In Table 1, the index of each characteristic is a value based on 100 for Comparative Example 1 in which component (D) is not blended.
As can be seen from Table 1, in the SEPS system, when each resin of the component (D) is blended, the Asuka C hardness and tan δ can be increased without impairing the physical properties of Eb and Tb.

Examples 5-8
SEBS having a weight average molecular weight of 60,000 and a polystyrene block content of 30% by mass [trade name “Tuftec H1272” manufactured by Asahi Kasei Chemicals Co., Ltd.] 100 parts by mass, paraffinic oil having a kinematic viscosity at 40 ° C. of 380 mm ² / s [Idemitsu Kosan Product name “Diana Process Oil PW380”, number average molecular weight 750] 163 parts by mass, polypropylene [manufactured by Nippon Polyolefin Co., Ltd., trade name “JP0M1600”, MFR 11 g / 10 min] 12 parts by mass, and shown in Table 2 ( D) 20 parts by mass of each resin of the component are mixed in advance, and then a twin-screw kneader (manufactured by Toshiba Machine Co., TEM58BS type, screw total length / cylinder diameter = 62.5, ratio of kneading zone length to screw total length = 62 %) At 180 ° C., cut with a cutter while extruding into a strand, It was obtained Tomah composition (pellets).
Using this pellet, each test piece for measuring physical properties was prepared, and Aska C hardness, Eb, Tb, M ₃₀₀ and tan δ were measured. The results are shown in Table 2.

Comparative Example 2
In Examples 5 to 8, an elastomer composition (pellet) was obtained in the same manner as in Examples 5 to 8, except that the component resin (D) was not used.
Using this pellet, each test piece for measuring physical properties was prepared, and Aska C hardness, Eb, Tb, M ₃₀₀ and tan δ were measured. The results are shown in Table 2.

[note]
The trade names and company names of component resin (D) in Table 2 are the same as the footnotes in Table 1.
In Table 2, the index of each characteristic is a value in which the value of Comparative Example 2 in which (D) component resin is not blended is 100.
As can be seen from Table 2, also in the SEBS system, when each resin of the component (D) is blended as in the SEPS system, the Asuka C hardness and tan δ are increased without impairing the physical properties of Eb and Tb. Can do.

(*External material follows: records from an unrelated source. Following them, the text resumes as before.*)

(* Let $f \in \mathbb{F}_q[x]$ be a squarefree polynomial of degree $n$. Let $\tilde{f}$ be the product of the irreducible factors of $f$ of degree higher than $n^{2 / 3}$. Then the order of the Frobenius automorphism $\sigma$ of $\mathbb{F}_q[x] / \tilde{f}$ (the $\mathbb{F}_q$-algebra automorphism determined by $x\mapsto x^q$) is less than $\exp\!\left(\frac{2}{3}\sqrt[3]{n} \ln n\right)$.
   Formalization: The degree n of f is assumed to satisfy n ≥ 4, so the bound on the order of σ covers only n ≥ 4. The statement above fails without it. *)

From HB Require Import structures.
From mathcomp Require Import all_boot all_order all_algebra.
From mathcomp Require Import boolp reals sequences exp.
Set Implicit Arguments. Unset Strict Implicit. Unset Printing Implicit Defensive.
Import Order.TTheory GRing.Theory Num.Theory.
Local Open Scope ring_scope.

Definition squarefree_poly (F : fieldType) (f : {poly F}) : Prop :=
  f != 0 /\ forall g : {poly F}, g * g %| f -> (size g <= 1)%N.

(* Each divisor of f has size <= size f, hence is \poly_(i < size f) c`_i
   for a unique tuple c; so the product runs over each such factor exactly once. *)
Definition ftilde (R : realType) (F : finFieldType) (f : {poly F}) : {poly F} :=
  \prod_(c : (size f).-tuple F |
          [&& (\poly_(i < size f) c`_i) \is monic,
              `[< irreducible_poly (\poly_(i < size f) c`_i) >],
              (\poly_(i < size f) c`_i) %| f &
              (((size f).-1)%:R `^ (2/3) < ((size (\poly_(i < size f) c`_i)).-1)%:R :> R)])
     \poly_(i < size f) c`_i.

Definition frob (F : finFieldType) (h : {poly F}) (p : {poly F}) : {poly F} :=
  (p \Po 'X^#|F|) %% h.

Definition frob_iter_id (F : finFieldType) (h : {poly F}) (k : nat) : Prop :=
  forall p : {poly F}, (iter k (frob h) p) %% h = p %% h.

Definition is_frob_order (F : finFieldType) (h : {poly F}) (k : nat) : Prop :=
  [/\ (0 < k)%N, frob_iter_id h k & forall j, (0 < j < k)%N -> ~ frob_iter_id h j].

From HB Require Import structures.
From mathcomp Require Import all_boot all_order all_algebra.
From mathcomp Require Import boolp reals sequences exp.
From mathcomp Require Import finfield qfpoly ring lra zify.
Import Order.TTheory GRing.Theory Num.Theory.
Local Open Scope ring_scope.

(* Write f~ = g_1 ... g_r with distinct monic irreducible g_i of degrees d_i.
   F_q[x]/(g_i) is a field with q^(d_i) elements, so g_i divides p^(q^k) - p
   whenever d_i divides k; as the g_i are pairwise coprime, sigma^K is the
   identity of F_q[x]/(f~) for K = d_1 ... d_r, and the order of sigma is at
   most K.  Since d_i > n^(2/3) and d_1 + ... + d_r <= n, the number r of
   factors is less than t := n^(1/3), and concavity of ln gives
     ln K = sum ln d_i <= r (ln t^2 - 1) + n / t^2 < 2 t ln t = (2/3) t ln n,
   the strict inequality being (t - r) (2 ln t - 1) > 0, valid once r >= 2
   forces t > 2 (when r <= 1, simply K <= n). *)

Lemma dvdp_subXX (R : idomainType) (h a b : {poly R}) k :
  h %| a - b -> h %| a ^+ k - b ^+ k.
Proof. by move=> hab; rewrite subrXX dvdp_mulr. Qed.

Lemma coprimep_monic_irr (R : idomainType) (g g' : {poly R}) :
  g \is monic -> irreducible_poly g -> g' \is monic -> irreducible_poly g' ->
  g != g' -> coprimep g g'.
Proof.
move=> mg ig mg' [g'_gt1 g'_irr] neq; rewrite irreducible_poly_coprime //.
apply: contra neq => gg'; rewrite -eqp_monic //.
by apply: g'_irr gg'; rewrite neq_ltn ig.1 orbT.
Qed.

Lemma prod_monic_irr_dvdp (R : idomainType) (s : seq {poly R}) (p : {poly R}) :
  uniq s -> (forall g, g \in s -> [/\ g \is monic, irreducible_poly g & g %| p]) ->
  \prod_(g <- s) g %| p.
Proof.
elim: s => [|g s IHs] /=; first by rewrite big_nil dvd1p.
case/andP => g_notin_s s_uniq sP; have [mg ig gp] := sP g (mem_head _ _).
have {}sP g' : g' \in s -> [/\ g' \is monic, irreducible_poly g' & g' %| p].
  by move=> g's; apply: sP; rewrite inE g's orbT.
rewrite big_cons Gauss_dvdp ?gp ?IHs //.
rewrite big_seq; elim/big_rec: _ => [|g' r g's cop]; first exact: coprimep1.
have [mg' ig' _] := sP g' g's.
rewrite coprimepMr cop andbT coprimep_monic_irr //.
by apply: contraNneq g_notin_s => ->.
Qed.

Lemma predn_size_prod_seq (R : idomainType) (s : seq {poly R}) :
  (forall g, g \in s -> g != 0) ->
  (size (\prod_(g <- s) g)).-1 = (\sum_(g <- s) (size g).-1)%N.
Proof.
elim: s => [|g s IHs] s_neq0; first by rewrite !big_nil size_poly1.
have {}IHs : (size (\prod_(g <- s) g)).-1 = (\sum_(g <- s) (size g).-1)%N.
  by apply: IHs => g' g's; apply: s_neq0; rewrite inE g's orbT.
have g0 : g != 0 by apply: s_neq0; rewrite mem_head.
have p0 : \prod_(g <- s) g != 0.
  by rewrite prodf_seq_neq0; apply/allP => g' g's; apply: s_neq0; rewrite inE g's orbT.
rewrite !big_cons size_mul // -IHs; rewrite -!size_poly_gt0 in g0 p0; lia.
Qed.

Section FiniteField.
Variable F : finFieldType.
Local Notation q := #|F|.

Lemma pnat_card_pchar_poly : [pchar {poly F}].-nat q.
Proof.
have [p _ pchar_p] := finPcharP F.
rewrite (eq_pnat _ (@pchar_poly F)) (eq_pnat _ (pcharf_eq pchar_p)).
by rewrite (card_pprimeChar pchar_p) pnatX pnat_id ?orbT // (pcharf_prime pchar_p).
Qed.

Lemma comp_poly_Xcard (p : {poly F}) : p \Po 'X^q = p ^+ q.
Proof.
have q_gt0 : (0 < q)%N by rewrite (leq_trans _ (finNzRing_gt1 F)).
have expq_add : {morph (fun r : {poly F} => r ^+ q) : a b / a + b}.
  by move=> a b; exact: exprDn_pchar pnat_card_pchar_poly.
rewrite comp_polyE -[in RHS](coefK p) poly_def.
rewrite (big_morph _ expq_add (expr0n _ _)) eqn0Ngt q_gt0.
by apply: eq_bigr => i _; rewrite exprZn expf_card -!exprM mulnC.
Qed.

Lemma frob_iter_dvdp (h p : {poly F}) k :
  h %| iter k (frob h) p - p ^+ (q ^ k).
Proof.
elim: k => [|k IHk]; first by rewrite subrr dvdp0.
rewrite iterS {1}/frob comp_poly_Xcard expnSr exprM.
set r := iter k (frob h) p.
have r_mod : h %| (r ^+ q) %% h - r ^+ q.
  by rewrite {2}(divp_eq (r ^+ q) h) opprD addrCA subrr addr0 dvdpNr dvdp_mull.
by rewrite -(subrK (r ^+ q) (_ %% h)) -addrA dvdp_add ?dvdp_subXX.
Qed.

Lemma frob_iter_id_of_dvdp (h : {poly F}) k :
  (forall p, h %| p ^+ (q ^ k) - p) -> frob_iter_id h k.
Proof.
move=> hk p; apply/eqP; rewrite -subr_eq0 -modpN -modpD; apply/eqP/modp_eq0P.
by rewrite -(subrK (p ^+ (q ^ k)) (iter _ _ _)) -addrA dvdp_add ?frob_iter_dvdp.
Qed.

Lemma dvdp_fermat_irr (g p : {poly F}) : g \is monic -> irreducible_poly g ->
  g %| p ^+ (q ^ (size g).-1) - p.
Proof.
move=> mg ig; pose mi : monic_irreducible_poly g := (ig, mg).
have : in_qpoly g (p ^+ (q ^ (size g).-1) - p) = 0.
  rewrite raddfB /= rmorphXn -(card_qfpoly mi).
  by rewrite (expf_card (in_qpoly g p : {poly %/ g with mi})) subrr.
move/(congr1 val) => /=; rewrite mk_monicE //.
by rewrite -(Pdiv.IdomainMonic.modpE mg) => /modp_eq0P.
Qed.

Lemma dvdp_fermat_irr_dvdn (g p : {poly F}) k : g \is monic -> irreducible_poly g ->
  ((size g).-1 %| k)%N -> g %| p ^+ (q ^ k) - p.
Proof.
move=> mg ig /dvdnP [j ->]; elim: j => [|j IHj]; first by rewrite subrr dvdp0.
rewrite mulSnr expnD exprM -(subrK (p ^+ (q ^ (j * (size g).-1))) (_ ^+ _)).
by rewrite -addrA dvdp_add ?dvdp_fermat_irr.
Qed.

End FiniteField.

Lemma is_frob_order_exists (F : finFieldType) (h : {poly F}) K :
  (0 < K)%N -> frob_iter_id h K -> exists2 k, is_frob_order h k & (k <= K)%N.
Proof.
move=> K_gt0 hK; pose P k := `[< (0 < k)%N /\ frob_iter_id h k >].
have exP : exists k, P k by exists K; apply/asboolP.
case: (ex_minnP exP) => k /asboolP [k_gt0 hk] k_min.
exists k; last by apply: k_min; apply/asboolP.
split=> // j /andP [j_gt0 jk] hj.
by have := k_min j (asboolT (conj j_gt0 hj)); rewrite leqNgt jk.
Qed.

Lemma ftilde_prod_seq (R : realType) (F : finFieldType) (f : {poly F}) :
  exists s : seq {poly F}, [/\ uniq s, ftilde R f = \prod_(g <- s) g &
    forall g, g \in s -> [/\ g \is monic, irreducible_poly g, g %| f &
      ((size f).-1%:R `^ (2/3) < (size g).-1%:R :> R)]].
Proof.
pose G (c : (size f).-tuple F) := \poly_(i < size f) c`_i.
have G_inj : injective G.
  move=> c c' eqG; apply: eq_from_tnth => i.
  by have := congr1 (fun p : {poly F} => p`_i) eqG; rewrite /= !coef_poly ltn_ord -!tnth_nth.
exists [seq G c | c <- index_enum _ & [&& G c \is monic, `[< irreducible_poly (G c) >],
  G c %| f & (size f).-1%:R `^ (2/3) < (size (G c)).-1%:R :> R]]; split.
- by rewrite map_inj_uniq // filter_uniq // index_enum_uniq.
- by rewrite big_map big_filter.
- move=> g /mapP [c]; rewrite mem_filter => /andP [+ _] ->.
  by case/and4P => mg /asboolP ig gf deg_g.
Qed.

Section RealBound.
Variable R : realType.

Lemma ln_le_tangent (a x : R) : 0 < a -> 0 < x -> ln x <= ln a + x / a - 1.
Proof.
move=> a_gt0 x_gt0; have xa_gt0 : 0 < x / a by rewrite divr_gt0.
have -> : ln x = ln a + ln (x / a).
  by rewrite -lnM ?posrE // mulrC divfK // gt_eqF.
have := @le_ln1Dx R (x / a - 1); rewrite addrCA subrr addr0; lra.
Qed.

Lemma sum_ln_le (a : R) (D : seq nat) : 0 < a -> (forall d, d \in D -> (0 < d)%N) ->
  \sum_(d <- D) ln (d%:R : R) <= (size D)%:R * (ln a - 1) + (\sum_(d <- D) d)%N%:R / a.
Proof.
move=> a_gt0 D_gt0.
rewrite natr_sum mulr_suml -[size D]sum1_size natr_sum mulr_suml -big_split.
rewrite big_seq_cond [X in _ <= X]big_seq_cond; apply: ler_sum => d /andP [dD _].
by rewrite mul1r /= addrAC ln_le_tangent // ltr0n D_gt0.
Qed.

Lemma size_mul_lt_sum (a : R) (D : seq nat) : D != [::] ->
  (forall d, d \in D -> a < d%:R) -> (size D)%:R * a < (\sum_(d <- D) d)%N%:R.
Proof.
move=> D_neq0 D_gt; rewrite natr_sum -[size D]sum1_size natr_sum mulr_suml.
rewrite big_seq_cond [X in _ < X]big_seq_cond; apply: ltr_sum.
  by case: D D_neq0 {D_gt} => // d D _; apply/hasP; exists d; rewrite ?mem_head.
by move=> d /andP [dD _]; rewrite mul1r D_gt.
Qed.

Lemma ln_gt_half (x : R) : 2 < x -> 1/2 < ln x.
Proof.
move=> x_gt2; have e_gt0 := @expR_gt0 R (1/2).
have e_le2 : expR (1/2 : R) <= 2.
  have eN : expR (1/2 : R) * expR (- (1/2)) = 1 by rewrite -expRD subrr expR0.
  have := @expR_ge1Dx R (- (1/2)); nra.
by rewrite -ltr_expR lnK ?posrE; lra.
Qed.

Lemma powR_third (x : R) k : 0 <= x -> x `^ (k%:R / 3) = (x `^ (1/3)) ^+ k.
Proof. by move=> x_ge0; rewrite -powR_mulrn ?powR_ge0 // -powRrM mulrC mul1r. Qed.

Lemma prod_lt_expR_cube (t : R) (D : seq nat) : 3/2 < t ->
  (forall d, d \in D -> t ^+ 2 < d%:R) -> (\sum_(d <- D) d)%N%:R <= t ^+ 3 ->
  (\prod_(d <- D) d)%N%:R < expR (2 * t * ln t).
Proof.
move=> t_gt32 D_gt D_sum; have t_gt0 : 0 < t by lra.
have lnt_gt0 : 0 < ln t by apply: ln_gt0; lra.
have [D_le1 | D_gt1] := leqP (size D) 1.
  have D_prod : (\prod_(d <- D) d)%N%:R <= t ^+ 3.
    case: D D_le1 D_sum {D_gt} => [|d []] // _; rewrite ?big_nil ?big_seq1 //.
    by move=> _; rewrite !exprS expr0; nra.
  rewrite (le_lt_trans D_prod) // -[X in X < _]lnK ?posrE ?exprn_gt0 // lnXn // ltr_expR.
  by rewrite -mulr_natl; nra.
have D_gt0 d : d \in D -> (0 < d)%N.
  by move/D_gt => d_gt; rewrite -(ltr0n R) (lt_trans _ d_gt) ?exprn_gt0.
have m_lt_t : (size D)%:R < t.
  have D_neq0 : D != [::] by case: D D_gt1 {D_gt D_sum D_gt0}.
  rewrite -(ltr_pM2r (exprn_gt0 2 t_gt0)) -exprS.
  exact: lt_le_trans (size_mul_lt_sum _ _ D_neq0 D_gt) D_sum.
have lnt_gt_half : 1/2 < ln t.
  by apply: ln_gt_half; move: m_lt_t; rewrite -(ler_nat R 2) in D_gt1; lra.
have -> : (\prod_(d <- D) d)%N%:R = expR (\sum_(d <- D) ln (d%:R : R)).
  rewrite natr_prod expR_sum big_seq [RHS]big_seq; apply: eq_bigr => d dD.
  by rewrite lnK // posrE ltr0n D_gt0.
have sum_div : (\sum_(d <- D) d)%N%:R / t ^+ 2 <= t.
  by rewrite ler_pdivrMr ?exprn_gt0 // -exprS.
have := sum_ln_le _ _ (exprn_gt0 2 t_gt0) D_gt0.
rewrite lnXn // ltr_expR -mulr_natl => sum_le.
have : 0 < (t - (size D)%:R) * (2 * ln t - 1) by rewrite mulr_gt0 //; lra.
nra.
Qed.

Lemma prod_lt_expR (n : nat) (D : seq nat) : (4 <= n)%N ->
  (forall d, d \in D -> n%:R `^ (2/3) < d%:R :> R) -> (\sum_(d <- D) d <= n)%N ->
  (\prod_(d <- D) d)%N%:R < expR (2/3 * n%:R `^ (1/3) * ln (n%:R : R)).
Proof.
move=> n_ge4 D_gt D_sum; have N_ge4 : 4 <= n%:R :> R by rewrite (ler_nat R 4 n).
set t := n%:R `^ (1/3); have t_gt0 : 0 < t by rewrite powR_gt0 //; lra.
have N_t3 : n%:R = t ^+ 3 by rewrite -powR_third ?divff ?powRr1 //; lra.
have t_gt32 : 3/2 < t.
  rewrite ltNge; apply/negP => t_le; have : t * t <= 9/4 by nra.
  by move: N_ge4; rewrite N_t3 !exprS expr0 mulr1; nra.
have -> : 2/3 * t * ln n%:R = 2 * t * ln t.
  by rewrite N_t3 lnXn // -[_ *+ 3]mulr_natr; field.
apply: prod_lt_expR_cube => // [d /D_gt|]; first by rewrite powR_third.
by rewrite -N_t3 ler_nat.
Qed.

End RealBound.

Theorem lemma1 (R : realType) (F : finFieldType) (f : {poly F}) (n : nat)
  (hf : squarefree_poly f) (hn : (size f).-1 = n) (hn4 : (4 <= n)%N) :
  exists k : nat, is_frob_order (ftilde R f) k /\
    k%:R < expR ((2/3) * n%:R `^ (1/3) * ln (n%:R : R)).
Proof.
(* Squarefreeness of f is only used through f != 0: f~ has distinct factors by construction. *)
have f_neq0 : f != 0 by case: hf.
have [s [s_uniq ftildeE sP]] := ftilde_prod_seq R F f.
have ftilde_dvd_f : ftilde R f %| f.
  by rewrite ftildeE prod_monic_irr_dvdp // => g /sP [].
pose D := [seq (size g).-1 | g : {poly F} <- s].
have D_gt0 d : d \in D -> (0 < d)%N.
  by case/mapP => g /sP [_ [g_gt1 _] _ _] ->; rewrite -ltnS prednK // ltnW.
have D_sum : (\sum_(d <- D) d <= n)%N.
  rewrite big_map -predn_size_prod_seq -?ftildeE -?hn.
    by rewrite -!subn1 leq_sub2r // dvdp_leq.
  by move=> g /sP [_ /irredp_neq0].
have D_gt d : d \in D -> n%:R `^ (2/3) < d%:R :> R.
  by case/mapP => g /sP [_ _ _]; rewrite hn => deg_g ->.
have [k k_order k_le] : exists2 k, is_frob_order (ftilde R f) k & (k <= \prod_(d <- D) d)%N.
  apply: is_frob_order_exists; first by rewrite big_seq prodn_cond_gt0.
  apply: frob_iter_id_of_dvdp => p; rewrite ftildeE prod_monic_irr_dvdp // => g gs.
  have [mg ig _ _] := sP g gs; split=> //; apply: dvdp_fermat_irr_dvdn => //.
  by rewrite (big_rem _ (map_f _ gs)) dvdn_mulr.
exists k; split=> //.
by apply: le_lt_trans (prod_lt_expR _ _ _ hn4 D_gt D_sum); rewrite ler_nat.
Qed.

The elastomer composition of the present invention has a good breaking elongation and breaking strength, has a good flexibility and a high tan δ, and is therefore excellent in vibration energy and impact energy absorption, and is a vibration damping material. And is suitably used for shock absorbing materials.
In addition, a wide range of parts such as automobile interior materials, exterior materials, home appliances, audio equipment, OA equipment, various switches, medical equipment, optical cables, sports equipment, shoes, building materials, various packing, sealing materials, cushioning materials, toys, stationery, etc. Can be used in the field.

Claims (6)

  (A) A hydrogenated block copolymer obtained by hydrogenating a block copolymer comprising at least one polymer block mainly composed of a vinyl aromatic compound and at least one polymer block mainly composed of a conjugated diene compound. (B) 1 to 500 parts by mass of an oil as a softening agent and (C) 0.1 to 50 parts by mass of a polyolefin-based resin as a processing aid with respect to 100 parts by mass of the polymer, D) At least one selected from the group consisting of aromatic hydrocarbon resins, chain aliphatic hydrocarbon resins, coumarone / indene resins, and phenol / acetylene resins having a weight average molecular weight in the range of 100 to 5,000. An elastomer composition comprising an Asuka C hardness of 10 to 70 degrees.   The hydrogenated block copolymer of component (A) is a polystyrene-hydrogenated polybutadiene-polystyrene triblock copolymer and / or a polystyrene-hydrogenated polyisoprene-polystyrene triblock copolymer. The elastomer composition as described.   The elastomer composition according to claim 1 or 2, wherein the oil as the softening agent for component (B) is a non-aromatic oil.   (D) The elastomer composition in any one of Claims 1-3 whose content of a component is 10-250 mass parts with respect to 100 mass parts of (A) component.   Furthermore, the elastomer composition in any one of Claims 1-4 containing (E) polyphenylene ether.   The elastomer composition according to any one of claims 1 to 5, wherein the polyolefin resin of component (C) is a polypropylene resin.